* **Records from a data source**
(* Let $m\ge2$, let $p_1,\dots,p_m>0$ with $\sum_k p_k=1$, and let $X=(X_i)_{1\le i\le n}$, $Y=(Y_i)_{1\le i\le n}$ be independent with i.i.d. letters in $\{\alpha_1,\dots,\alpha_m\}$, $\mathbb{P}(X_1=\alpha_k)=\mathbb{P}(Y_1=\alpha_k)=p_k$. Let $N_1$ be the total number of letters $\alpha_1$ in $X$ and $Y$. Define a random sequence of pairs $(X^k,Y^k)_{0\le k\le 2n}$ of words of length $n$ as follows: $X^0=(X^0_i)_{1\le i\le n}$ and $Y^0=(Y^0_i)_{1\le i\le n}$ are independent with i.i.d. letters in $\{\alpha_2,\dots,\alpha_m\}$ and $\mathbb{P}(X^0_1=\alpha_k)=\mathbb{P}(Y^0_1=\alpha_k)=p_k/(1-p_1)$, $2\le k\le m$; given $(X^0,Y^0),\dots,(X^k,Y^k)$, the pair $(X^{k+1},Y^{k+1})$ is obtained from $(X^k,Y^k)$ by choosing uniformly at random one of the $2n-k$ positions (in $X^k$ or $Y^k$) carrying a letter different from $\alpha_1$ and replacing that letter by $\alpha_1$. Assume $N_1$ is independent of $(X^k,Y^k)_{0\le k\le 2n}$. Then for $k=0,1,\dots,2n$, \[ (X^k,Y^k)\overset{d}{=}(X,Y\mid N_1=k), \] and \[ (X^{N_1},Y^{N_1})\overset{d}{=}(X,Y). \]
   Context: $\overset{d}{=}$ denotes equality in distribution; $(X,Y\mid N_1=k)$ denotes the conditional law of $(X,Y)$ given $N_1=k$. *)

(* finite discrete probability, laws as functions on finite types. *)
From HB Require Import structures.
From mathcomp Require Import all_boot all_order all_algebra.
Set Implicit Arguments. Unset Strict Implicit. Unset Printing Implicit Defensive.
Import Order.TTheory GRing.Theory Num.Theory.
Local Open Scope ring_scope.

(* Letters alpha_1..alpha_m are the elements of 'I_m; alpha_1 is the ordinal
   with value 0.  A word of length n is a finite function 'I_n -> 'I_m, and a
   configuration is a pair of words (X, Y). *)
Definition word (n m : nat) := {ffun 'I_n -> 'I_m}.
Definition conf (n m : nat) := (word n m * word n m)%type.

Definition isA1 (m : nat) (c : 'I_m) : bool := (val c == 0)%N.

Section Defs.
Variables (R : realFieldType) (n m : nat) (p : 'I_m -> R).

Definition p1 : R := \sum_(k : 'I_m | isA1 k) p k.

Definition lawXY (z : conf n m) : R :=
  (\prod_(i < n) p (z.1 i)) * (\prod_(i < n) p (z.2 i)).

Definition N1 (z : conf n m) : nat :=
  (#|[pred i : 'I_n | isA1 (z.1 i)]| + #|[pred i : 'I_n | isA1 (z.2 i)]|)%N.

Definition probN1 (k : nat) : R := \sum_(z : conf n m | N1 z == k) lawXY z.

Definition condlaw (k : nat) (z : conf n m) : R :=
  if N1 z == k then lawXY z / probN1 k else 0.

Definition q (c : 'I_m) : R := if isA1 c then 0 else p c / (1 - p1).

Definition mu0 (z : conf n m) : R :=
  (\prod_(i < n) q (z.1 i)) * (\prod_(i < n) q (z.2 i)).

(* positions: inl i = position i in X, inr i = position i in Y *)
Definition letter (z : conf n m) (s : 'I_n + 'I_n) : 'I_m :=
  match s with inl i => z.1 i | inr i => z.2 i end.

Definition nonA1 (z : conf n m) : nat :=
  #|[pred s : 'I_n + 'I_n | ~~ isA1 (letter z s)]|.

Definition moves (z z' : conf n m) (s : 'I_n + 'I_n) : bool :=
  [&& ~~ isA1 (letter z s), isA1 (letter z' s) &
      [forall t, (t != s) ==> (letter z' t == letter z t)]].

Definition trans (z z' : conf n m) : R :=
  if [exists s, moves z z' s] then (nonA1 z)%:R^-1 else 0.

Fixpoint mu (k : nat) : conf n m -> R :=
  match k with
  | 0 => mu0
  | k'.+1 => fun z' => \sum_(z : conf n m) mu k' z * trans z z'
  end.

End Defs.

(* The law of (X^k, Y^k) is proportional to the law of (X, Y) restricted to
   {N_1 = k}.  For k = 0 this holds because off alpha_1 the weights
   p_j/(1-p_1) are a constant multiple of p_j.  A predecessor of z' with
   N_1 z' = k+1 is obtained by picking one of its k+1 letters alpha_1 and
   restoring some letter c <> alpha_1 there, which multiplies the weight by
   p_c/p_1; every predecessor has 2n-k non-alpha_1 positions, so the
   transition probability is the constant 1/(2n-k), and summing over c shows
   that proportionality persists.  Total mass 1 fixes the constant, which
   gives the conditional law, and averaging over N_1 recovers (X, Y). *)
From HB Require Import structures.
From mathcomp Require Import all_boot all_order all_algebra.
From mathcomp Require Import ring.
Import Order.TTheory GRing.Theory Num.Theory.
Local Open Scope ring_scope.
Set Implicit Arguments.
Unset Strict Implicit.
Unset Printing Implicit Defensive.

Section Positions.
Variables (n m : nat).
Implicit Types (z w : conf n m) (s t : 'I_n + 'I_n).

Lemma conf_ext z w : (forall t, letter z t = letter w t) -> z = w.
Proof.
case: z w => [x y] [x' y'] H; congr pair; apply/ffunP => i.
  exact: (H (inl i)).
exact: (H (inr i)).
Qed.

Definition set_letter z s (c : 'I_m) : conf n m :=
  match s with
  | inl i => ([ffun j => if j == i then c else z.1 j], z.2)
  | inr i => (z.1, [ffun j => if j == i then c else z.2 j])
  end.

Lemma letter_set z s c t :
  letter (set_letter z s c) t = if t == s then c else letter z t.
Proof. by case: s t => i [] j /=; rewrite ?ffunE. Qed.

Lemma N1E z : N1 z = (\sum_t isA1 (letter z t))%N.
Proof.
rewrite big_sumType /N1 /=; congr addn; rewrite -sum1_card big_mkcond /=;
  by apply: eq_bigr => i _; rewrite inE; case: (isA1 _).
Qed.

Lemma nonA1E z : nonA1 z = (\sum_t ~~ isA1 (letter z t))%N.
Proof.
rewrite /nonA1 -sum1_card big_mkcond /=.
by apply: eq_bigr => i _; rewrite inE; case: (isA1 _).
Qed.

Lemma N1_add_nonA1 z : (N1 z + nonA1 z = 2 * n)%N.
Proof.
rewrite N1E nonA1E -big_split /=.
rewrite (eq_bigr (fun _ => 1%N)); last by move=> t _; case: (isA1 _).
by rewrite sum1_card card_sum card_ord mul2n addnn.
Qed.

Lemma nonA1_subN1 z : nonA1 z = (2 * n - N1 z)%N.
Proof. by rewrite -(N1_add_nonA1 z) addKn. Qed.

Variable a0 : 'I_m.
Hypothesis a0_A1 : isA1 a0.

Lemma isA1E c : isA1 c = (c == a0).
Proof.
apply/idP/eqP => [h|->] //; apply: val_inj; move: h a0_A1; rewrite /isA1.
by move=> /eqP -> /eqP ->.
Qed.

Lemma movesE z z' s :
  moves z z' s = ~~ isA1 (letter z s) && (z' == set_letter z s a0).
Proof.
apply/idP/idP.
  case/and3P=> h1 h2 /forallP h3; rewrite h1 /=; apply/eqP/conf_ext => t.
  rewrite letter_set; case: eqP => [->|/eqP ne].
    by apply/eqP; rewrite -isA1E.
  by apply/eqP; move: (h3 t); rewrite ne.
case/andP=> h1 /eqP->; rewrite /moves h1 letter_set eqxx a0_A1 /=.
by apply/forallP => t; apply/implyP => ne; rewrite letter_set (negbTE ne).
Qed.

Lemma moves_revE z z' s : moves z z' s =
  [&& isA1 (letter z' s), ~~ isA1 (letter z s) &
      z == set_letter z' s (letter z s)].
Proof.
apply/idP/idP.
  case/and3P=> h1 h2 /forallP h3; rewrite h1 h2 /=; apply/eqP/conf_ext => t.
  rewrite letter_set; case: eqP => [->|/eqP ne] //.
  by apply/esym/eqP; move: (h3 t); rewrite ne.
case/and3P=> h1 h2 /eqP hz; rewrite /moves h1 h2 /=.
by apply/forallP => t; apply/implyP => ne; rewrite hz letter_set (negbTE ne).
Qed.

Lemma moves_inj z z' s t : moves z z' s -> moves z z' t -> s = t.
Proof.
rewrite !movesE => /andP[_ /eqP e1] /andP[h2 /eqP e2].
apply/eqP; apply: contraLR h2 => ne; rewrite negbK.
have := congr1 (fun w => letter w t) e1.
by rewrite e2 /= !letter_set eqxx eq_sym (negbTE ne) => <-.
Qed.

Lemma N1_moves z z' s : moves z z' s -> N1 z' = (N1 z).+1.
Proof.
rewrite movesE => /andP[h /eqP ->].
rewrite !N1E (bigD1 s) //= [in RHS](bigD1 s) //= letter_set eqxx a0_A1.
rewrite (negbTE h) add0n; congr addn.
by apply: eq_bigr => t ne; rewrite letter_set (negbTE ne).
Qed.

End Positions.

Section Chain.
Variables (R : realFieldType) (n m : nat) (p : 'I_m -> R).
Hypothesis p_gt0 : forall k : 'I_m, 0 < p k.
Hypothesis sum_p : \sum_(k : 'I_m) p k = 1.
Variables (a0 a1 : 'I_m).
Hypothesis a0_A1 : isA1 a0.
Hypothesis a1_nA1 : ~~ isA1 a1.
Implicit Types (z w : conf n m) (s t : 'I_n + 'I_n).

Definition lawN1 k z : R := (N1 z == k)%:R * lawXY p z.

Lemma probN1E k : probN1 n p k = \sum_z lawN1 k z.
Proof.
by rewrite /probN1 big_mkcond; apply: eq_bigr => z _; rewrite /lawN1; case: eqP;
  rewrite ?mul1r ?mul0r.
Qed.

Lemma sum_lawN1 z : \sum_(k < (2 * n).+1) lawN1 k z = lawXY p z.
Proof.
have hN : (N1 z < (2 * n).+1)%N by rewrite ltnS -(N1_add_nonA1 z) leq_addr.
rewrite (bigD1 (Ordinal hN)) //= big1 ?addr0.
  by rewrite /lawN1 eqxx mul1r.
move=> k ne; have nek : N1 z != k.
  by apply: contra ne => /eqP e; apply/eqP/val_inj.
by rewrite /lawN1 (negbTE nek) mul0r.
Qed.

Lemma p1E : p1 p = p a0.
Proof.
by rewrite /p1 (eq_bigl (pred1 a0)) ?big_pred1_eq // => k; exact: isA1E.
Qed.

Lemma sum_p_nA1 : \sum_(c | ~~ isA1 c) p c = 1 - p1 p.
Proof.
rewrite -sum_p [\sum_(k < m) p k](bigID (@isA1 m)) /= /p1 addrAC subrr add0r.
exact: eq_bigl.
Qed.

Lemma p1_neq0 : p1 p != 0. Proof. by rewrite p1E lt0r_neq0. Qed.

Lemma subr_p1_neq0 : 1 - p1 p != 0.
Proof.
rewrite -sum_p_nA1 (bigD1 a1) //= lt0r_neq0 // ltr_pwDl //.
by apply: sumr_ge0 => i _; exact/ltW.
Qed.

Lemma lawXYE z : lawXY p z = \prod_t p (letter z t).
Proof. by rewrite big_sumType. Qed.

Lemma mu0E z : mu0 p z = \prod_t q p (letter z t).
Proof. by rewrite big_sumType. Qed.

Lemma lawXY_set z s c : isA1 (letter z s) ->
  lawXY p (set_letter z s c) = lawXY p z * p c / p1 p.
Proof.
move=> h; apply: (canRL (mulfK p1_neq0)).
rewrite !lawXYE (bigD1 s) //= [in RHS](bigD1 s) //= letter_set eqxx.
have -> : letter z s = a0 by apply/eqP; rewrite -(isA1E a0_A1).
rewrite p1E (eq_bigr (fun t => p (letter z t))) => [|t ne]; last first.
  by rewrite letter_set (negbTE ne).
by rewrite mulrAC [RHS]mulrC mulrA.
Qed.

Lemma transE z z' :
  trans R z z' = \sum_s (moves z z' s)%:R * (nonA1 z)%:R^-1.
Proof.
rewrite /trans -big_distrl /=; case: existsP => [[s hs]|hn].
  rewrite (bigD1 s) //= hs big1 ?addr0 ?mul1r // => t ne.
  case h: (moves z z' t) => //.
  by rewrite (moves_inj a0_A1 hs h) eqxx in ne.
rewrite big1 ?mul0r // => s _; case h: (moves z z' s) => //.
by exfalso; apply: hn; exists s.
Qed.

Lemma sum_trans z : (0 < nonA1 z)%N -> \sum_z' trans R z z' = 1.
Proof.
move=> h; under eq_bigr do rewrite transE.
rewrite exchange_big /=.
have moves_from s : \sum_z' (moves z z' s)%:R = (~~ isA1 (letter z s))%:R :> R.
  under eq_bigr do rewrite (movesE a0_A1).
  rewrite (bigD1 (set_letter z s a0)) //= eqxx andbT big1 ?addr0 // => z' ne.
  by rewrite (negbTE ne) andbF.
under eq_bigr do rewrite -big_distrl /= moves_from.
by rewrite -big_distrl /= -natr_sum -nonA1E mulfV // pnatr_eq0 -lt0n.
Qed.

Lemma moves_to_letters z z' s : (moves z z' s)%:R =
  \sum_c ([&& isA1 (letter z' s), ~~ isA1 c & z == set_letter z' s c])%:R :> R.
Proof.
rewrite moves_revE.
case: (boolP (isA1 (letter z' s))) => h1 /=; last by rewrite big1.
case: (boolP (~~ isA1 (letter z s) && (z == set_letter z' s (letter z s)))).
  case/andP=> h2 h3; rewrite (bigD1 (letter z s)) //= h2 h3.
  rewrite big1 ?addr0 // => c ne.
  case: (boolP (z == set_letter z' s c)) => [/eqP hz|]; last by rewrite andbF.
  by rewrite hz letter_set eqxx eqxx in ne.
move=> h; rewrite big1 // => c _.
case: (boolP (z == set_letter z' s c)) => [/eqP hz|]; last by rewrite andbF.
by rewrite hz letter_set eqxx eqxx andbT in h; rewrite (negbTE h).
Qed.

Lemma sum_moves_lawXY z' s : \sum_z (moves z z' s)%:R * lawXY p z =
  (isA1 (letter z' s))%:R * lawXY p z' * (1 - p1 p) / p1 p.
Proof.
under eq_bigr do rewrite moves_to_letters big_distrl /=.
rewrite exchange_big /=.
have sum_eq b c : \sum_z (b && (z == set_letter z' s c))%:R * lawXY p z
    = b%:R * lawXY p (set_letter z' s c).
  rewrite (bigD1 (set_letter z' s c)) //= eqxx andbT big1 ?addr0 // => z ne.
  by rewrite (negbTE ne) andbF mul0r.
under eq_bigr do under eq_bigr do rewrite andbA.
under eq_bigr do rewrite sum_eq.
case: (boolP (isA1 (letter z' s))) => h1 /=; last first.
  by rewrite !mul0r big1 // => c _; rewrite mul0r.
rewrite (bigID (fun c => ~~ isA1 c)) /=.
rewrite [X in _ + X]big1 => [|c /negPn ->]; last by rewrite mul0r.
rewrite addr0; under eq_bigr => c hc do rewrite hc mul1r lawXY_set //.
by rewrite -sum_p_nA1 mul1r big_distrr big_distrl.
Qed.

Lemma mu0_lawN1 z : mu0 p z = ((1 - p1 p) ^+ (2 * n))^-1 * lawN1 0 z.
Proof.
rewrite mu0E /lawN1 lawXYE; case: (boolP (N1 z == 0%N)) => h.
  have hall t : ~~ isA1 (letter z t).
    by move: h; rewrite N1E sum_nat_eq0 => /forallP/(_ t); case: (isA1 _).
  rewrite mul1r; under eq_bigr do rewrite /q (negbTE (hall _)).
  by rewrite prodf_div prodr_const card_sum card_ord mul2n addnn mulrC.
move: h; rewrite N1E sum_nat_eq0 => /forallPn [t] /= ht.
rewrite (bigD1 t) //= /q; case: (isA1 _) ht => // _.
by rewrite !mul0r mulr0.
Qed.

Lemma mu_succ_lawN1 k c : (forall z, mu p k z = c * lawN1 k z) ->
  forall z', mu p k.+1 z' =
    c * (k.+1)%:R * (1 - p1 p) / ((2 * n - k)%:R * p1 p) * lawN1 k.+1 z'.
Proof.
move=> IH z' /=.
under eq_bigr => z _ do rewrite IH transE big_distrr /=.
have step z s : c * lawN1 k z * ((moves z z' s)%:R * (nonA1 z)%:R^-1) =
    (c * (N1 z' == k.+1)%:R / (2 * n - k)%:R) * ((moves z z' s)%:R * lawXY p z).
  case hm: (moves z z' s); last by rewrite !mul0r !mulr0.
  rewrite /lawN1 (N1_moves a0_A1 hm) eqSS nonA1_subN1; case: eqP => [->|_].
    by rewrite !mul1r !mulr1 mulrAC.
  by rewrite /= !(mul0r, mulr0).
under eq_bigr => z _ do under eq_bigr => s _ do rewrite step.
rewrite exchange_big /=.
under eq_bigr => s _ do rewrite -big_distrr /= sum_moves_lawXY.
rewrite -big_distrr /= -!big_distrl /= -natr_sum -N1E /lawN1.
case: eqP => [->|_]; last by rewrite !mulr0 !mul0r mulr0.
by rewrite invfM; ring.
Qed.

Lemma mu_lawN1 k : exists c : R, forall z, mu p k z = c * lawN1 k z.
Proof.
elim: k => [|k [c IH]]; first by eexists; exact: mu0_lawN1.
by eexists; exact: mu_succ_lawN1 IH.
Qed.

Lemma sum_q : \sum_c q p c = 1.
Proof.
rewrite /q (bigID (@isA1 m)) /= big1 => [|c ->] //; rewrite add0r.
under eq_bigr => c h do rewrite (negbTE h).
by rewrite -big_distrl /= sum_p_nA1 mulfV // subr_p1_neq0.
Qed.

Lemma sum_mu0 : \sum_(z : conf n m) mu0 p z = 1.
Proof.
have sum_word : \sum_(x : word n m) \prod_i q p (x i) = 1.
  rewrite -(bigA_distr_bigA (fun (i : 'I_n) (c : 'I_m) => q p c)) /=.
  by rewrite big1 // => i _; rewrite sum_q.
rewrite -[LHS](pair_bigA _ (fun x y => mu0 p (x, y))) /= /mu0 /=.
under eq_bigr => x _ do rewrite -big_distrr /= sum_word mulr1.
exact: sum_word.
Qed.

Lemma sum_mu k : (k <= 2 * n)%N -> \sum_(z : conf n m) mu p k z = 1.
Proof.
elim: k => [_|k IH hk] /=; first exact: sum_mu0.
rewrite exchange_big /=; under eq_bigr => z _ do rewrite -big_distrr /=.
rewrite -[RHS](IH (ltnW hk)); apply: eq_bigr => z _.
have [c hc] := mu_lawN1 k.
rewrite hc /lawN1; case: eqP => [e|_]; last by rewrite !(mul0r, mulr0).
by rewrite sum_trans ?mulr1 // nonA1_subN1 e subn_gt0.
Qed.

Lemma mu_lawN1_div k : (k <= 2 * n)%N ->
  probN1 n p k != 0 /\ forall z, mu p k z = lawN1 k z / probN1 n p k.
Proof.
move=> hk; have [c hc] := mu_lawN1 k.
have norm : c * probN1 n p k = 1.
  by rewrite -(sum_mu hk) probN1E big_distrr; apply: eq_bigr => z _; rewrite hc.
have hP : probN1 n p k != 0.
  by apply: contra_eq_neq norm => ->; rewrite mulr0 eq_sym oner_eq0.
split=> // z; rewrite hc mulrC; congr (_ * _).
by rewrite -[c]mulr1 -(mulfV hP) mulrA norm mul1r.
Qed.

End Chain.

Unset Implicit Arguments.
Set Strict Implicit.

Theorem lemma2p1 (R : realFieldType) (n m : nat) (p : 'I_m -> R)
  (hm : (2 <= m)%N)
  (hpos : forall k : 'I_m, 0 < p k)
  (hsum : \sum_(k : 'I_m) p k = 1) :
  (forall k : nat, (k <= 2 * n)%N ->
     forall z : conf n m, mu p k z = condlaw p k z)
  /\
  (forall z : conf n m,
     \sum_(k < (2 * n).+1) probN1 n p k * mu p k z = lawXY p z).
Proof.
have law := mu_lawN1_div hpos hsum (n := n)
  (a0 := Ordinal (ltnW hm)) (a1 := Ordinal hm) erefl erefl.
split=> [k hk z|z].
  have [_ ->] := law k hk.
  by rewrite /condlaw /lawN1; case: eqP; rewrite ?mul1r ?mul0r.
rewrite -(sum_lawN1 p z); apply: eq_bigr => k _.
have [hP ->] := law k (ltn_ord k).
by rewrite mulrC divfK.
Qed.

* * *

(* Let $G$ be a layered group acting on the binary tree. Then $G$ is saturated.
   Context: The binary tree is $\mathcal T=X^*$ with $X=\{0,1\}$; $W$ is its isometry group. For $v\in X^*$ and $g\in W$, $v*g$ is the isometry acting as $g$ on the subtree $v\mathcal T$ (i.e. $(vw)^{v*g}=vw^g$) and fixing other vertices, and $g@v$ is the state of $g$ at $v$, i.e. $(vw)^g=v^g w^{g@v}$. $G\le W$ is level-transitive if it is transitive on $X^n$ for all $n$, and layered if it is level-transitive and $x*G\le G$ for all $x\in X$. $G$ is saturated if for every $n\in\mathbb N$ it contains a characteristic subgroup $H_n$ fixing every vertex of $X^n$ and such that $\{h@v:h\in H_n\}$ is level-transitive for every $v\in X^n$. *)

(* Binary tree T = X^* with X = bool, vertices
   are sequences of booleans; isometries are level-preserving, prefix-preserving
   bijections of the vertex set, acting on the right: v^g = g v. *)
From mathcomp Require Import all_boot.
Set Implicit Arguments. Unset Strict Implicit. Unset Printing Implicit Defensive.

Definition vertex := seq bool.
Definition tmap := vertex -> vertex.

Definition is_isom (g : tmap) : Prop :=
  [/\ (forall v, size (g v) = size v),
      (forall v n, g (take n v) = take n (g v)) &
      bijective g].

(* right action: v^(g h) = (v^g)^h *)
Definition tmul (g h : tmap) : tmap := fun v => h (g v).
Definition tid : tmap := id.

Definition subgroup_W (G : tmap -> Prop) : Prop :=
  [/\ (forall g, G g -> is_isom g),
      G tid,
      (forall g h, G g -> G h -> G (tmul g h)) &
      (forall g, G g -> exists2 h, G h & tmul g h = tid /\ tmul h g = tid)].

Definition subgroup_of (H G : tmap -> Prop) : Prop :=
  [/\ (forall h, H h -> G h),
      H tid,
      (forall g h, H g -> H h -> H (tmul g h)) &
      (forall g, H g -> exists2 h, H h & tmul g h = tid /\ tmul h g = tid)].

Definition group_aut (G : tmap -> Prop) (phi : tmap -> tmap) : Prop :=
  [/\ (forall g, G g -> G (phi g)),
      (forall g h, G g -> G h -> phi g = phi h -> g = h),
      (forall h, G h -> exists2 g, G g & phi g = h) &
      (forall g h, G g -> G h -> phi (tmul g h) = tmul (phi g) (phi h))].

* **What you should do**
Run a filter over the data above and keep each line that contains the word "hall".

* **Expected answer**
  have hall t : ~~ isA1 (letter z t).
  rewrite mul1r; under eq_bigr do rewrite /q (negbTE (hall _)).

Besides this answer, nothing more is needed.